Sands' first law firm, Webb & Sprague, was a partnership he formed with H. Walter Webb, Henry L. Sprague, and Robert C. Cornell. He formed his second law firm, Platt & Bowers, with John M. Bowers and James N. Platt. The firm was renamed Bowers & Sands after Platt's death. In 1898, Frederic J. Middlebrook, James W. Gerard, and Latham G. Reed became partners in the firm. Gerard, who later became a New York Supreme Court Justice and United States Ambassador to Germany, retired from the firm in 1908. In 1911, William H. Van Benschoten became a member of the firm. In 1915, Latham G. Reed retired from the firm while Middleton S. Borland and Frank H. Sincerbeaux became associated with the firm.

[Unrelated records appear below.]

(* Let $n\ge 1$, $k\ge 2$, $m\ge 1$ be integers and let $P_* \in \mathrm{Hom}(\Gamma_{n,k},\mathcal{D}(\mathbb{R}^m,0))$ satisfy $D^{(1)}_0P_*^a = k^{-1}I$ and $D^{(1)}_0P_*^{b_i}=I$ for all $i=1,\dots,n$. Then there exists a $C^1_{loc}$-neighborhood $\mathcal{U}$ of $P_*$ in $\mathrm{Hom}(\Gamma_{n,k},\mathcal{D}(\mathbb{R}^m,0))$ such that $D^{(1)}_0P^{b_i} = I$ for all $P\in\mathcal{U}$ and all $i=1,\dots,n$.
   Context: $\Gamma_{n,k} = \langle a, b_1,\dots,b_n \mid a b_i a^{-1} = b_i^k,\ b_i b_j = b_j b_i\rangle$. $\mathcal{D}(\mathbb{R}^m,0)$ is the group of germs at $0$ of local diffeomorphisms of $\mathbb{R}^m$ fixing $0$; $D^{(1)}_0F$ is the derivative at $0$. The $C^1_{loc}$-topology on $\mathcal{D}(\mathbb{R}^m,0)$ is given by the pseudo-distance $d(F,G)=\|D^{(1)}_0F-D^{(1)}_0G\|$ (operator norm), and $\mathrm{Hom}(\Gamma_{n,k},\mathcal{D}(\mathbb{R}^m,0))$ carries the induced product topology (convergence of $P^\gamma$ for each $\gamma$). We write $P^\gamma=P(\gamma)$. *)

From HB Require Import structures.
From mathcomp Require Import all_boot all_order all_algebra.
From mathcomp Require Import all_classical all_reals all_analysis.
Set Implicit Arguments. Unset Strict Implicit. Unset Printing Implicit Defensive.
Import Order.TTheory GRing.Theory Num.Theory.
Import numFieldNormedType.Exports.
Local Open Scope ring_scope.

(* Generators of Gamma_{n,k}: None = a, Some i = b_(i+1). *)
Definition gen (n : nat) := option 'I_n.
(* A word in the generators and their inverses: (g, true) = g^{-1}. *)
Definition word (n : nat) := seq (gen n * bool).

Section Germs.
Variables (R : realType) (m : nat).
Local Notation V := 'rV[R]_m.

Definition germ_eq (f g : V -> V) : Prop := \forall x \near (0 : V), f x = g x.

(* (f, g) represent a germ at 0 of a local diffeomorphism fixing 0, and its
   inverse germ: both fix 0, are differentiable near 0, and are mutually
   inverse near 0. *)
Definition loc_diffeo_pair (f g : V -> V) : Prop :=
  f 0 = 0 /\ g 0 = 0 /\
  (\forall x \near (0 : V), differentiable f x) /\
  (\forall x \near (0 : V), differentiable g x) /\
  (\forall x \near (0 : V), g (f x) = x) /\
  (\forall x \near (0 : V), f (g x) = x).

(* A homomorphism Gamma_{n,k} -> D(R^m,0), given by representatives F g of
   the germs P^g of the generators and representatives G g of their inverses.
   Relations: a b_i a^{-1} = b_i^k  (equivalently a b_i = b_i^k a)
   and b_i b_j = b_j b_i, as germs at 0. *)
Definition is_hom (n k : nat) (F G : gen n -> V -> V) : Prop :=
  (forall g, loc_diffeo_pair (F g) (G g)) /\
  (forall i, germ_eq (F None \o F (Some i))
                     (fun x => iter k (F (Some i)) (F None x))) /\
  (forall i j, germ_eq (F (Some i) \o F (Some j)) (F (Some j) \o F (Some i))).

Definition eval_word (n : nat) (F G : gen n -> V -> V) (w : word n) : V -> V :=
  foldr (fun (p : gen n * bool) acc => (if p.2 then G p.1 else F p.1) \o acc)
        id w.

End Germs.

From HB Require Import structures.
From mathcomp Require Import all_boot all_order all_algebra.
From mathcomp Require Import all_classical all_reals all_analysis.
From mathcomp Require Import ring lra.
Set Implicit Arguments. Unset Strict Implicit. Unset Printing Implicit Defensive.
Import Order.TTheory GRing.Theory Num.Theory.
Import numFieldNormedType.Exports.
Local Open Scope ring_scope.

(* Differentiating the relations at the common fixed point 0 turns them into
   relations between linear maps: A := D_0 P^a is close to 1/k with inverse
   A' close to k, B := D_0 P^(b_i) is close to the identity, and B^k = A B A'.
   If |B - I| <= M then B^k - I = k (B - I) + O(M^2) while A (B - I) A' has
   size about M, so k |B - I| <= (1 + small) M + O(M^2) <= (3/4) k M.
   Iterating, |B - I| <= (3/4)^j eps for every j, hence B = I. *)

Section FixedPointDifferentials.
Variables (R : realType) (V : normedModType R).
Implicit Types (f g : V -> V) (a v : V).

Lemma near_eq_diff f g a v : differentiable f a -> differentiable g a ->
  (\forall x \near a, f x = g x) -> 'd f a v = 'd g a v.
Proof. by move=> df dg fg; rewrite -!deriveE //; apply: near_eq_derive. Qed.

Lemma diff_id_apply a v : 'd (@id V) a v = v.
Proof. by rewrite diff_val. Qed.

Lemma differentiable_comp_fix f g a : g a = a ->
  differentiable g a -> differentiable f a -> differentiable (f \o g) a.
Proof. by move=> ga dg df; apply: differentiable_comp; rewrite ?ga. Qed.

Lemma diff_comp_fix f g a v : g a = a ->
  differentiable g a -> differentiable f a -> 'd (f \o g) a v = 'd f a ('d g a v).
Proof. by move=> ga dg df; rewrite diff_comp ?ga. Qed.

Lemma iter_fix f a j : f a = a -> iter j f a = a.
Proof. by move=> fa; elim: j => //= j ->. Qed.

Lemma differentiable_iter_fix f a j : f a = a -> differentiable f a ->
  differentiable (iter j f) a.
Proof.
move=> fa df; elim: j => [|j IH]; first exact: ex_diff.
by apply: differentiable_comp_fix IH df; apply: iter_fix.
Qed.

Lemma diff_iter_fix f a j v : f a = a -> differentiable f a ->
  'd (iter j f) a v = iter j ('d f a) v.
Proof.
move=> fa df; elim: j v => [|j IH] v; first exact: diff_id_apply.
rewrite /= -IH; apply: (diff_comp_fix _ (iter_fix _ fa)) => //.
exact: differentiable_iter_fix.
Qed.
End FixedPointDifferentials.

Section GermDifferentials.
Variables (R : realType) (m : nat).
Local Notation V := 'rV[R]_m.
Implicit Types (f g : V -> V).

Lemma loc_diffeo_pair_sym f g : loc_diffeo_pair f g -> loc_diffeo_pair g f.
Proof. by case=> f0 [g0 [df [dg [gf fg]]]]; do !split. Qed.

Lemma loc_diffeo_pair_diffK f g v : loc_diffeo_pair f g -> 'd f 0 ('d g 0 v) = v.
Proof.
case=> [_ [g0 [/nbhs_singleton df [/nbhs_singleton dg [_ fg]]]]].
rewrite -(diff_comp_fix _ g0) // -[RHS](diff_id_apply 0).
apply: near_eq_diff fg => //; first exact: differentiable_comp_fix.
Qed.

Lemma loc_diffeo_pair_diff_scale f g (c : R) : loc_diffeo_pair f g -> c != 0 ->
  (forall v, 'd f 0 v = c^-1 *: v) -> forall v, 'd g 0 v = c *: v.
Proof.
move=> fg c0 hf v.
have hcv : 'd f 0 (c *: v) = v by rewrite hf scalerA mulVf ?scale1r.
rewrite -[in LHS]hcv; exact: loc_diffeo_pair_diffK (loc_diffeo_pair_sym fg).
Qed.

Lemma germ_eq_conj_diff (k : nat) (a b : V -> V) v : a 0 = 0 -> b 0 = 0 ->
  differentiable a 0 -> differentiable b 0 ->
  germ_eq (a \o b) (iter k b \o a) ->
  'd a 0 ('d b 0 v) = iter k ('d b 0) ('d a 0 v).
Proof.
move=> a0 b0 da db hab.
have dbk := differentiable_iter_fix k b0 db.
rewrite -(diff_comp_fix v b0 db da) -(diff_iter_fix k _ b0 db).
transitivity ('d (iter k b \o a) 0 v); last exact: diff_comp_fix.
apply: near_eq_diff hab; exact: differentiable_comp_fix.
Qed.

Lemma is_hom_diff_conj n k (F G : gen n -> V -> V) i v : is_hom k F G ->
  'd (F None) 0 ('d (F (Some i)) 0 v) = iter k ('d (F (Some i)) 0) ('d (F None) 0 v).
Proof.
case=> hloc [hrel _].
have [a0 [_ [/nbhs_singleton da _]]] := hloc None.
have [b0 [_ [/nbhs_singleton db _]]] := hloc (Some i).
exact: germ_eq_conj_diff a0 b0 da db (hrel i).
Qed.
End GermDifferentials.

Lemma le0_geometric_bound (R : realType) (x c q : R) : `|q| < 1 ->
  (forall j, x <= c * q ^+ j) -> x <= 0.
Proof.
move=> q1 hx; rewrite leNgt; apply/negP => x0.
have [N _ hN] := cvgr_lt _ (cvg_geometric c q1) _ x0.
by have := hN N (leqnn N); rewrite /geometric /= ltNge hx.
Qed.

Section IterNearIdentity.
Variables (R : realType) (V : normedModType R).
Variables (B : {linear V -> V}) (M : R).
Hypotheses (M0 : 0 <= M) (M1 : M <= 1) (hB : forall v, `|B v - v| <= M * `|v|).

Lemma iter_sub_le j v : `|iter j B v - v| <= (2 ^+ j - 1) * M * `|v|.
Proof.
elim: j => [|j IH]; first by rewrite /= subrr normr0 expr0 subrr !mul0r.
set x := iter j B v.
have -> : iter j.+1 B v - v = (B x - x) + (x - v) by rewrite /= addrA subrK.
have hx : `|x| <= `|v| + `|x - v| by rewrite -[x in `|x|](subrK v) addrC ler_normD.
have hMx : M * `|x| <= M * (`|v| + `|x - v|) by apply: ler_wpM2l.
have hMxv : M * `|x - v| <= `|x - v| by rewrite ler_piMl.
have hp : 0 <= (2 ^+ j - 1) * M * `|v|.
  by rewrite !mulr_ge0 // subr_ge0 exprn_ege1 // ler1n.
apply: (le_trans (ler_normD _ _)); have := hB x; rewrite exprS; nra.
Qed.

Lemma iter_sub_lin_le j v :
  `|iter j B v - v - j%:R *: (B v - v)| <= (j%:R * 2 ^+ j) * M ^+ 2 * `|v|.
Proof.
elim: j => [|j IH]; first by rewrite /= subrr scale0r subr0 normr0 !mul0r.
set x := iter j B v.
have -> : iter j.+1 B v - v - j.+1%:R *: (B v - v) =
    (B (x - v) - (x - v)) + (x - v - j%:R *: (B v - v)).
  rewrite iterS -/x [B (x - v)]raddfB -[j.+1]addn1 natrD scalerDl scale1r.
  set a := B x; set b := B v; set e := j%:R *: (b - v).
  rewrite [RHS]addrA subrK opprD opprB addrCA [a - v + _]addrA subrK addrC //.
apply: (le_trans (ler_normD _ _)).
have h1 : `|B (x - v) - (x - v)| <= M * ((2 ^+ j - 1) * M * `|v|).
  by apply: (le_trans (hB _)); apply: ler_wpM2l => //; apply: iter_sub_le.
have p0 : 0 <= M ^+ 2 * `|v| by rewrite mulr_ge0 // exprn_ge0.
have p2 : 0 <= 2 ^+ j * M ^+ 2 * `|v| by rewrite !mulr_ge0 // exprn_ge0.
have p1 : 0 <= j%:R * 2 ^+ j * M ^+ 2 * `|v| by rewrite !mulr_ge0 // exprn_ge0.
have -> : (j.+1)%:R = (j%:R + 1 : R) by rewrite -natr1.
move: IH h1 p0 p1 p2; rewrite -/x !expr2 exprS; nra.
Qed.
End IterNearIdentity.

Lemma norm_le_near_scale (R : realType) (V : normedModType R) (f : V -> V)
    (c e : R) : 0 <= c -> (forall v, `|f v - c *: v| <= e * `|v|) -> forall v, `|f v| <= (c + e) * `|v|.
Proof.
move=> c0 hf v; rewrite -[f v](subrK (c *: v)); apply: (le_trans (ler_normD _ _)).
by rewrite normrZ ger0_norm // mulrDl addrC lerD2l.
Qed.

Section NearScalarConjugation.
Variables (R : realType) (V : normedModType R) (k : nat).
Variables (A A' B : {linear V -> V}) (eps : R).
Local Notation K := (k%:R : R).
Hypotheses (k_ge2 : (2 <= k)%N) (eps_gt0 : 0 < eps).
Hypothesis eps_small : eps * (2 * (K + 2 + K * 2 ^+ k)) <= 1.
Hypotheses (hA : forall v, `|A v - K^-1 *: v| <= eps * `|v|)
  (hA' : forall v, `|A' v - K *: v| <= eps * `|v|)
  (hB : forall v, `|B v - v| <= eps * `|v|).
Hypotheses (AA' : forall v, A (A' v) = v) (AB : forall v, A (B v) = iter k B (A v)).

Lemma iter_conj_sub v : iter k B v - v = A (B (A' v) - A' v).
Proof. by have := AB (A' v); rewrite AA' => <-; rewrite linearB AA'. Qed.

Lemma eps_le_quarter : eps <= 4^-1.
Proof.
have K2 : 2 <= K by rewrite (ler_nat R 2 k).
have p0 : 0 <= K * 2 ^+ k by rewrite mulr_ge0 ?exprn_ge0 // ler0n.
have : eps * 4 <= eps * (2 * (K + 2 + K * 2 ^+ k)) by rewrite ler_wpM2l ?ltW //; lra.
move/le_trans/(_ eps_small); lra.
Qed.

Lemma contraction_constant (M : R) : 0 <= M -> M <= eps ->
  (K^-1 + eps) * (K + eps) + K * 2 ^+ k * M <= 3/4 * K.
Proof.
move=> M0 Meps.
have K2 : 2 <= K by rewrite (ler_nat R 2 k).
have p0 : 0 <= K * 2 ^+ k by rewrite mulr_ge0 ?exprn_ge0 // ler0n.
have hK : K^-1 * K = 1 by rewrite mulVf // gt_eqF //; lra.
have Ki : K^-1 <= 2^-1 by rewrite lef_pV2 ?posrE //; lra.
have : K * 2 ^+ k * M <= K * 2 ^+ k * eps by rewrite ler_wpM2l.
have : K^-1 * eps <= 2^-1 * eps by rewrite ler_wpM2r // ltW.
have e4 := eps_le_quarter.
have : eps * eps <= 4^-1 * eps by rewrite ler_wpM2r // ltW.
move: eps_small; rewrite !mulrDr !mulrDl mulrA hK; lra.
Qed.

Lemma near_id_contract (M : R) : 0 <= M -> M <= eps ->
  (forall v, `|B v - v| <= M * `|v|) -> forall v, `|B v - v| <= 3/4 * M * `|v|.
Proof.
move=> M0 Meps hM v.
have K0 : 0 < K by rewrite ltr0n; case: k k_ge2.
have e1 : eps <= 1 by have := eps_le_quarter; lra.
have Ki0 : 0 <= K^-1 by rewrite invr_ge0 ltW.
have hAn := norm_le_near_scale Ki0 hA.
have hA'n := norm_le_near_scale (ltW K0) hA'.
have hconj : `|iter k B v - v| <= (K^-1 + eps) * (K + eps) * M * `|v|.
  rewrite iter_conj_sub; apply: (le_trans (hAn _)).
  rewrite -!mulrA; apply: ler_wpM2l; first by rewrite addr_ge0 // ltW.
  by apply: (le_trans (hM _)); rewrite mulrCA; apply: ler_wpM2l => //; apply: hA'n.
have hlin := iter_sub_lin_le M0 (le_trans Meps e1) hM k v.
set w := B v - v in hlin *; set y := iter k B v - v in hconj hlin *.
have hKw : `|K *: w| <= `|y| + `|y - K *: w|.
  by have := ler_normB y (y - K *: w); rewrite opprB addrC subrK.
rewrite normrZ gtr0_norm // in hKw.
have hc := contraction_constant M0 Meps.
have Mv : 0 <= M * `|v| by rewrite mulr_ge0.
rewrite -(ler_pM2l K0); apply: (le_trans hKw); apply: le_trans (lerD hconj hlin) _.
move: hc Mv; rewrite expr2; nra.
Qed.

Lemma near_id_geometric j v : `|B v - v| <= eps * (3/4) ^+ j * `|v|.
Proof.
elim: j v => [|j IH] v; first by rewrite expr0 mulr1.
have q0 : 0 <= (3/4 : R) ^+ j by rewrite exprn_ge0 //; lra.
have q1 : (3/4 : R) ^+ j <= 1 by rewrite exprn_ile1 //; lra.
rewrite exprS mulrCA; apply: near_id_contract IH v; first by rewrite mulr_ge0 // ltW.
by rewrite ler_piMr // ltW.
Qed.

Lemma near_id_conj_eq v : B v = v.
Proof.
apply/eqP; rewrite -subr_eq0 -normr_eq0 eq_le normr_ge0 andbT.
apply: (@le0_geometric_bound _ _ (eps * `|v|) (3/4)); first by rewrite ger0_norm; lra.
by move=> j; rewrite mulrAC; apply: near_id_geometric.
Qed.
End NearScalarConjugation.

Definition generator_words (n : nat) : seq (word n) :=
  [:: (None, false)] :: [:: (None, true)] :: [seq [:: (Some i, false)] | i <- enum 'I_n].

Lemma mem_generator_words n (g : gen n) (b : bool) :
  (g == None) || ~~ b -> [:: (g, b)] \in generator_words n.
Proof. by case: g b => [i|] [] //= _; rewrite !inE ?eqxx ?map_f ?mem_enum ?orbT. Qed.

Lemma eval_word1 (R : realType) (n m : nat) (F G : gen n -> 'rV[R]_m -> 'rV[R]_m)
    (g : gen n) (b : bool) :
  eval_word F G [:: (g, b)] = if b then G g else F g.
Proof. by []. Qed.

Lemma generator_words_diff_near (R : realType) (n m : nat)
    (F G Fs Gs : gen n -> 'rV[R]_m -> 'rV[R]_m) (eps : R) :
  (forall w, w \in generator_words n -> forall v : 'rV[R]_m,
     `|'d (eval_word F G w) 0 v - 'd (eval_word Fs Gs w) 0 v| <= eps * `|v|) ->
  forall (g : gen n) (b : bool), (g == None) || ~~ b -> forall v : 'rV[R]_m,
  `|'d (if b then G g else F g) 0 v - 'd (if b then Gs g else Fs g) 0 v| <= eps * `|v|.
Proof.
move=> hW g b gb v; have := hW _ (mem_generator_words gb) v.
by rewrite !eval_word1.
Qed.

Theorem lemma2p2 (R : realType) (n k m : nat)
  (Hn : (1 <= n)%N) (Hk : (2 <= k)%N) (Hm : (1 <= m)%N)
  (Fs Gs : gen n -> 'rV[R]_m -> 'rV[R]_m) :
  is_hom k Fs Gs ->
  (forall v : 'rV[R]_m, 'd (Fs None) 0 v = k%:R^-1 *: v) ->
  (forall (i : 'I_n) (v : 'rV[R]_m), 'd (Fs (Some i)) 0 v = v) ->
  exists (W : seq (word n)) (eps : R), 0 < eps /\
    forall F G : gen n -> 'rV[R]_m -> 'rV[R]_m,
      is_hom k F G ->
      (forall w, w \in W -> forall v : 'rV[R]_m,
          `|'d (eval_word F G w) 0 v - 'd (eval_word Fs Gs w) 0 v| <= eps * `|v|) ->
      forall (i : 'I_n) (v : 'rV[R]_m), 'd (F (Some i)) 0 v = v.
Proof.
move=> [hlocs _] hFa hFb.
have K0 : (k%:R : R) != 0 by rewrite pnatr_eq0 -lt0n (ltn_trans _ Hk).
have hGa := loc_diffeo_pair_diff_scale (hlocs None) K0 hFa.
pose c : R := 2 * (k%:R + 2 + k%:R * 2 ^+ k).
have c0 : 0 < c by rewrite /c mulr_gt0 // ltr_wpDr ?mulr_ge0 ?exprn_ge0 // ltr_wpDl.
exists (generator_words n), c^-1; split; first by rewrite invr_gt0.
move=> F G hFG hW i.
have hd := generator_words_diff_near hW.
apply: (near_id_conj_eq (A := 'd (F None) 0) (A' := 'd (G None) 0) (eps := c^-1) Hk).
- by rewrite invr_gt0.
- by rewrite mulVf // gt_eqF.
- by move=> v; rewrite -hFa; apply: (hd None false).
- by move=> v; rewrite -hGa; apply: (hd None true).
- by move=> v; rewrite -[X in _ - X](hFb i v); apply: (hd (Some i) false).
- by move=> v; case: hFG => hloc _; apply: loc_diffeo_pair_diffK (hloc None).
- by move=> v; apply: is_hom_diff_conj hFG.
Qed.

Sands' law firm, later known as Platt, Bowers & Sands, was the successor of the firm Gerard & Platt, which was founded in 1828. He was an advocate of the Mortgage Tax Law, which was enacted and proved a boon to New York City real estate interests. A member of the Republican Party, he was a presidential elector in the 1904 presidential election and president of the Republican Club of the 27th Assembly District in 1905.

===Other interests===
Sands was an executive committee member of the New York City Bar Association. He was a member of the Union Club, the City Club, the Down Town Association, the St. Andrew's Society, and the Society of Colonial Wars. He was a Governor of the University Club for many years, and he served as its president from 1910 to 1913. He was also a fellow of the Metropolitan Museum of Art and a trustee of Columbia University. He was an Episcopalian.

==Personal life==
In 1878, he married Amy Kirby Aiken, a daughter of William H. Akin. Together, they were the parents of one daughter:

- Mary Emily "May" Sands (1879–1941), who married Hon. Hugh Melville Howard, youngest son of Cecil Howard, 6th Earl of Wicklow, in 1908.

Sands died at home in New York on May 1, 1917. He was buried in Green-Wood Cemetery.

===Descendants===
Through his daughter May, he was a grandfather of Cecil Aymar Howard, 9th Earl of Wicklow (1909–1977) and Katharine Frances Theodosia Howard (1910–1990), neither of whom married.